Talk about “a long time ago in a galaxy far, far away,” etc. Two years before Separate Tables appeared a creepy, low-budget sci-fi thriller called Invasion of the Body Snatchers opened and was promptly ignored by the highbrows. Four years earlier (in ’54) The Creature From The Black Lagoon was greeted with similar indifference if not disdain. Today a pair of direct descendants, Get Out and The Shape of Water, are Best Picture nominees, and there’s a better-than-even (though admittedly dwindling) chance that Shape will take the Big Prize.

Yesterday I received a hilarious, spot-on essay by the great David Thomson — about Separate Tables initially, but also about how the appeal and some of the “Academy inflation” of this 60-year-old film are echoed in I, Tonya and Three Billboards outside Ebbing, Missouri.

Consider this excerpt especially: “About fifteen minutes into I Tonya, on being bowled over by the vicious hangdog look of Allison Janney’s mother, the toxic lines slipping like smoke from the fag on her lips, I was ready to give her the supporting actress Oscar on the spot. Twenty minutes later I was bored with her because she was still doing the same bitter schtick. She’s an act, a show-stopper, the sort of hag who would get a round of applause as she appears on-stage, severing any prospect of dramatic truth.

“It’s not that Janney is less than skilled, or hasn’t paid her dues for decades. She’s a clever old pro so give her the Oscar. But let’s abandon the myth that she is presenting a real ‘deplorable’ instead of saying, ‘Aren’t deplorables a riot?'”

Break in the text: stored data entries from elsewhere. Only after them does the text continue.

Lemma exists_fraction : exists E, [/\ measurable E, E `<=` A &
  forall i, i \in s -> fine (mu i E) = t * fine (mu i A)].
Proof.
pose E k := (dyadic k).1.1.
have invE k : [/\ measurable (E k), E k `<=` A &
    forall i, i \in s -> t * fine (mu i A) - fine (mu i A) / 2 ^+ k <= fine (mu i (E k))
      <= t * fine (mu i A)].
  rewrite /E; case: (dyadic k) (dyadic_invP k) => [[F Q] u].
  move=> [mF mQ FQA _ [/andP[u0 u1] FQi]].
  split => //; first by move=> z Fz; apply: FQA; left.
  move=> i si; have [e1 e2] := FQi i si; have Q0 := fine_measure_ge0 (mu i) Q.
  rewrite -e2 mulfK ?expf_neq0 //; apply/andP; split; nra.
have mE k : measurable (E k) by case: (invE k).
have ndE : nondecreasing_seq E.
  apply/nondecreasing_seqP => k; apply/subsetPset.
  rewrite /E /dyadic iterS -/(dyadic k).
  by case: (dyadic k) => [[F Q] u] /=; case: ifP => _ z Fz //; left.
exists (\bigcup_k E k); split; first exact: bigcupT_measurable.
  by move=> z [k _]; case: (invE k) => _ + _; apply.
move=> i si; apply/eqP; rewrite eq_le; apply/andP; split.
  by apply: fine_measure_bigcup_le => // k; have [_ _ /(_ i si) /andP[]] := invE k.
suff : t * fine (mu i A) - fine (mu i (\bigcup_k E k)) <= 0 by lra.
apply: (pow2_bounded_le0 (y := fine (mu i A))) => k.
have [_ _ /(_ i si) /andP[Ek _]] := invE k.
have EkU : fine (mu i (E k)) <= fine (mu i (\bigcup_k E k)).
  by apply: le_fine_measure (mE k) (bigcupT_measurable _ mE) _; exact: bigcup_sup.
rewrite -ler_pdivlMr ?exprn_gt0 //; lra.
Qed.

End dyadic_fraction.

Lemma exists_equipartition s h n A : halving s h -> measurable A ->
  exists F : nat -> set T, [/\ forall k, measurable (F k), trivIset `I_n.+1 F,
    \bigcup_(k < n.+1) F k = A &
    forall k i, (k < n.+1)%N -> i \in s ->
      fine (mu i (F k)) = fine (mu i A) / n.+1%:R].
Proof.
move=> hs; elim: n A => [|n IH] A mA.
  exists (fun k => if k == 0%N then A else set0); split.
  - by case=> [|k] //=; exact: measurable0.
  - by move=> [|i] [|j].
  - by rewrite bigcup_mkord big_ord1.
  - by case=> // i _ _; rewrite divr1.
have n2_gt0 : 0 < n.+2%:R :> R by [].
have [|E [mE EA Ei]] := exists_fraction hs mA (t := 1 / n.+2%:R).
  by rewrite divr_ge0 //= ler_pdivrMr // mul1r ler1n.
have [F [mF tF cF vF]] := IH (A `\` E) (measurableD mA mE).
have FAE k : (k < n.+1)%N -> F k `<=` A `\` E.
  by move=> kn z Fz; rewrite -cF; exists k.
exists (fun k => if k is k.+1 then F k else E); split.
- by case.
- apply/trivIsetP => -[|i] [|j] //= i_lt j_lt ij.
  + by apply: subsetI_eq0 (@subset_refl _ E) (FAE j j_lt) _; rewrite setDIK.
  + by apply: subsetI_eq0 (FAE i i_lt) (@subset_refl _ E) _; rewrite setDKI.
  + by move/trivIsetP : tF; apply.
- apply/seteqP; split => [z [[|k] /= kn Gz]|z Az]; first exact: EA.
    by have [] := FAE k kn z Gz.
  have [Ez|nEz] := pselect (E z); first by exists 0%N.
  have : (A `\` E) z by [].
  by rewrite -cF => -[k kn Fz]; exists k.+1.
- move=> [|k] i kn si; first by rewrite Ei // mulrC mul1r.
  rewrite vF // fine_measureD // Ei //.
  by field; have n0 : 0 <= n%:R :> R by []; apply/andP; split; apply/eqP; lra.
Qed.

End simultaneous_halving.

Local Open Scope ereal_scope.

Lemma eq_nonatomic d (T : measurableType d) (R : realType) (f g : set T -> \bar R) :
  (forall A, measurable A -> f A = g A) -> nonatomic f -> nonatomic g.
Proof.
move=> fg fna A [mA gA gB]; apply: (@fna A); split => //; first by rewrite fg.
by move=> B mB BA; rewrite !fg //; exact: gB.
Qed.

Section jordan_decomposition_fine.
Context d (T : measurableType d) (R : realType).
Variables (nu : {charge set T -> \bar R}) (P N : set T).
Variable nuPN : hahn_decomposition nu P N.

Lemma charge_fine_jordan A : measurable A ->
  nu A = (fine (jordan_pos nuPN A) - fine (jordan_neg nuPN A))%R%:E.
Proof.
move=> mA; rewrite (jordan_decomp nuPN mA) /cadd /= cscaleN1 EFinB.
by rewrite !fineK ?fin_num_measure.
Qed.

Lemma nonatomic_jordan_pos :
  nonatomic (fun E => nu (E `&` P)) -> nonatomic (jordan_pos nuPN).
Proof.
by apply: eq_nonatomic => E mE; rewrite jordan_posE cjordan_posE /crestr0 mem_set.
Qed.

Lemma nonatomic_jordan_neg :
  nonatomic (fun E => - nu (E `&` N)) -> nonatomic (jordan_neg nuPN).
Proof.
by apply: eq_nonatomic => E mE; rewrite jordan_negE cjordan_negE /crestr0 mem_set.
Qed.

End jordan_decomposition_fine.

Section charge_equipartition.
Context d (T : measurableType d) (R : realType).

Lemma exists_charge_equipartition (I : finType) (psi : I -> {charge set T -> \bar R})
    (psi_na : forall i, charge_nonatomic (psi i)) n :
  exists F : nat -> set T, [/\ forall k, measurable (F k), trivIset `I_n.+1 F,
    \bigcup_(k < n.+1) F k = [set: T] &
    forall i k, (k < n.+1)%N -> psi i (F k) = (fine (psi i setT) / n.+1%:R)%:E].
Proof.
have hahn i : exists PN : set T * set T,
    [/\ hahn_decomposition (psi i) PN.1 PN.2,
        nonatomic (fun E => psi i (E `&` PN.1)) &
        nonatomic (fun E => - psi i (E `&` PN.2))].
  by have [P [N ?]] := psi_na i; exists (P, N).
have [PN PNP] := choice hahn.
have psiPN i : hahn_decomposition (psi i) (PN i).1 (PN i).2 by case: (PNP i).
pose mu (k : I + I) : {finite_measure set T -> \bar R} :=
  match k with inl i => jordan_pos (psiPN i) | inr i => jordan_neg (psiPN i) end.
have mu_na k : k \in enum {: I + I} -> nonatomic (mu k).
  case: k => i _ /=; have [_ ? ?] := PNP i;
    [exact: nonatomic_jordan_pos | exact: nonatomic_jordan_neg].
have [h hs] := exists_halving mu_na.
have [F [mF tF cF eqF]] := exists_equipartition n hs measurableT.
exists F; split => // i k kn.
have /= pos := eqF k (inl i) kn (mem_enum _ _).
have /= neg := eqF k (inr i) kn (mem_enum _ _).
by rewrite !(charge_fine_jordan (psiPN i)) // pos neg mulrBl.
Qed.

End charge_equipartition.

Theorem theorem1 (d : measure_display) (T : measurableType d) (R : realType)
  (r : nat) (hr : (0 < r)%N)
  (psi : 'I_r -> {charge set T -> \bar R})
  (hna : forall i, charge_nonatomic (psi i)) :
  exists F : 'I_r -> set T,
    [/\ forall i, measurable (F i),
        forall i j, i != j -> F i `&` F j = set0,
        \bigcup_i F i = [set: T] &
        forall i j, psi i (F j) <= psi i (F i)].
Proof.
have [F [mF tF cF eqF]] := exists_charge_equipartition hna r.-1.
rewrite prednK // in tF cF eqF.
exists (fun i : 'I_r => F i); split => //.
- by move=> i j ij; move/trivIsetP : tF; apply; rewrite /= ?ltn_ord.
- apply/seteqP; split => // z _; have : (\bigcup_(k < r) F k) z by rewrite cF.
  by case=> k /= kr Fz; exists (Ordinal kr).
- by move=> i j; rewrite !eqF.
Qed.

Here’s the whole brilliant piece (the first 17 paragraphs about Separate Tables, and the rest about Janney and Margot Robbie in I, Tonya and McDormand in Three Billboards):

“I found myself watching Separate Tables on Turner Classic Movies. There it was, offered with the seemingly unassailable claim that it had been nominated for Best Picture in 1958 along with six other nominations. It even had two wins, and I remembered that one of them was for David Niven playing a bogus Major. I had seen the film in 1958 and flinched at it even then (the bogus business was all fusspot), in a year that included Vertigo, Touch of Evil, Bonjour Tristesse, Man of the West, The Tarnished Angels and many others that still seem of value.